■ EXERCISE REQUIREMENTS:
The entries that follow include a run beginning at the line with "(forall A A' B B', K0 A -> K0 A' ->" and ending at the line with "(fst (of_nat x)"; restate that run word for word and leave the rest out.
═══ DATASET RECORDS ═══
(* For any natural number $n \geq 1$, $\{\omega \cdot 2, \omega^\star \cdot 2\} \leq_c \{\omega^2 \cdot n, (\omega^2)^\star \cdot n\}$.
   Context: Structures have domains contained in $\omega$. For countable structures $\mathcal{A},\mathcal{B}$, the class $\{\mathcal{A},\mathcal{B}\}$ denotes the class of all structures (with domain $\subseteq\omega$) isomorphic to $\mathcal{A}$ or to $\mathcal{B}$. Linear orders are in the language $\{<\}$; $L^\star$ is the reverse of a linear order $L$; $\omega\cdot 2$, $\omega^2\cdot n$ are ordinal order types. An enumeration operator $\Gamma$ is a c.e. set of pairs $(\alpha,\varphi)$ with $\alpha$ a finite set of basic (atomic or negated atomic) sentences of the input language with constants from $\omega$ and $\varphi$ a basic sentence of the output language with constants from $\omega$; $\Gamma(X)=\{\varphi : (\alpha,\varphi)\in\Gamma,\ \alpha\subseteq X\}$. $\Gamma$ is a computable embedding of $\mathcal{K}_0$ into $\mathcal{K}_1$ ($\mathcal{K}_0\leq_c\mathcal{K}_1$) if for every $\mathcal{A}\in\mathcal{K}_0$, $\Gamma$ applied to the atomic diagram of $\mathcal{A}$ is the atomic diagram of a structure $\Gamma(\mathcal{A})\in\mathcal{K}_1$, and for all $\mathcal{A},\mathcal{B}\in\mathcal{K}_0$, $\mathcal{A}\cong\mathcal{B}$ iff $\Gamma(\mathcal{A})\cong\Gamma(\mathcal{B})$. *)

From Stdlib Require Import Arith List Cantor.
Import ListNotations.

(* Arguments are lists of naturals (missing arguments default to 0).   *)
Inductive prf : Type :=
| PZero : prf
| PSucc : prf
| PProj : nat -> prf
| PComp : prf -> list prf -> prf
| PPrec : prf -> prf -> prf
| PMu   : prf -> prf.

Inductive eval : prf -> list nat -> nat -> Prop :=
| ev_zero : forall args, eval PZero args 0
| ev_succ : forall args, eval PSucc args (S (nth 0 args 0))
| ev_proj : forall i args, eval (PProj i) args (nth i args 0)
| ev_comp : forall f gs args ys y,
    evals gs args ys -> eval f ys y -> eval (PComp f gs) args y
| ev_prec0 : forall f g rest y,
    eval f rest y -> eval (PPrec f g) (0 :: rest) y
| ev_precS : forall f g n rest r y,
    eval (PPrec f g) (n :: rest) r -> eval g (n :: r :: rest) y ->
    eval (PPrec f g) (S n :: rest) y
| ev_prec_nil : forall f g y,
    eval (PPrec f g) [0] y -> eval (PPrec f g) [] y
| ev_mu : forall f args n,
    eval f (n :: args) 0 ->
    (forall m, m < n -> exists k, eval f (m :: args) (S k)) ->
    eval (PMu f) args n
with evals : list prf -> list nat -> list nat -> Prop :=
| evs_nil : forall args, evals [] args []
| evs_cons : forall g gs args y ys,
    eval g args y -> evals gs args ys -> evals (g :: gs) args (y :: ys).

Definition ce (S : nat -> Prop) : Prop :=
  exists e : prf, forall x, S x <-> exists y, eval e [x] y.

Record structure : Type := Struct {
  sdom : nat -> Prop;
  srel : nat -> nat -> Prop }.

(* atomic sentences with constants from omega, and basic sentences
   (true = the atom itself, false = its negation) *)
Inductive atom : Type := AEq (x y : nat) | ALt (x y : nat).
Definition basic : Type := (bool * atom)%type.

Definition atom_holds (A : structure) (a : atom) : Prop :=
  match a with
  | AEq x y => x = y
  | ALt x y => srel A x y
  end.

Definition atom_consts_in (A : structure) (a : atom) : Prop :=
  match a with
  | AEq x y | ALt x y => sdom A x /\ sdom A y
  end.

Definition diag (A : structure) (phi : basic) : Prop :=
  atom_consts_in A (snd phi) /\
  (if fst phi then atom_holds A (snd phi) else ~ atom_holds A (snd phi)).

Definition iso (A B : structure) : Prop :=
  exists f g : nat -> nat,
    (forall x, sdom A x -> sdom B (f x) /\ g (f x) = x) /\
    (forall y, sdom B y -> sdom A (g y) /\ f (g y) = y) /\
    (forall x y, sdom A x -> sdom A y -> (srel A x y <-> srel B (f x) (f y))).

Definition class2 (A B : structure) (C : structure) : Prop := iso C A \/ iso C B.

Definition code_atom (a : atom) : nat :=
  match a with
  | AEq x y => to_nat (0, to_nat (x, y))
  | ALt x y => to_nat (1, to_nat (x, y))
  end.
Definition code_basic (phi : basic) : nat :=
  to_nat ((if fst phi then 1 else 0), code_atom (snd phi)).
Fixpoint code_list (l : list basic) : nat :=
  match l with
  | [] => 0
  | phi :: l' => S (to_nat (code_basic phi, code_list l'))
  end.

(* An enumeration operator: a set Gamma of pairs (alpha, phi), alpha a
   finite set (given as a list) of basic sentences and phi a basic
   sentence, whose set of codes is c.e. *)
Definition enum_operator (Gamma : list basic -> basic -> Prop) : Prop :=
  ce (fun c => exists alpha phi,
         c = to_nat (code_list alpha, code_basic phi) /\ Gamma alpha phi).

Definition apply_op (Gamma : list basic -> basic -> Prop) (X : basic -> Prop)
  (phi : basic) : Prop :=
  exists alpha, Gamma alpha phi /\ (forall psi, In psi alpha -> X psi).

Definition comp_embeddable (K0 K1 : structure -> Prop) : Prop :=
  exists Gamma,
    enum_operator Gamma /\
    (forall A, K0 A ->
       exists B, K1 B /\ forall phi, diag B phi <-> apply_op Gamma (diag A) phi) /\
    (forall A A' B B', K0 A -> K0 A' ->
       (forall phi, diag B phi <-> apply_op Gamma (diag A) phi) ->
       (forall phi, diag B' phi <-> apply_op Gamma (diag A') phi) ->
       (iso A A' <-> iso B B')).

Definition full_dom : nat -> Prop := fun _ => True.

Definition ord_omega : nat -> nat -> Prop := lt.
(* omega^2: pairs (a, b) (via Cantor decoding), lexicographic *)
Definition ord_omega2 (x y : nat) : Prop :=
  fst (of_nat x) < fst (of_nat y) \/
  (fst (of_nat x) = fst (of_nat y) /\ snd (of_nat x) < snd (of_nat y)).
Definition ord_rev (L : nat -> nat -> Prop) (x y : nat) : Prop := L y x.
(* L . k : k copies of L in order; x lies in copy (x mod k) at place x / k *)
Definition ord_times (L : nat -> nat -> Prop) (k : nat) (x y : nat) : Prop :=
  x mod k < y mod k \/ (x mod k = y mod k /\ L (x / k) (y / k)).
═══
■ OUTPUT FOR THIS EXERCISE:
    (forall A A' B B', K0 A -> K0 A' ->
       (forall phi, diag B phi <-> apply_op Gamma (diag A) phi) ->
       (forall phi, diag B' phi <-> apply_op Gamma (diag A') phi) ->
       (iso A A' <-> iso B B')).

Definition full_dom : nat -> Prop := fun _ => True.

Definition ord_omega : nat -> nat -> Prop := lt.
(* omega^2: pairs (a, b) (via Cantor decoding), lexicographic *)
Definition ord_omega2 (x y : nat) : Prop :=
  fst (of_nat x) < fst (of_nat y) \/
  (fst (of_nat x) = fst (of_nat y) /\ snd (of_nat x) < snd (of_nat y)).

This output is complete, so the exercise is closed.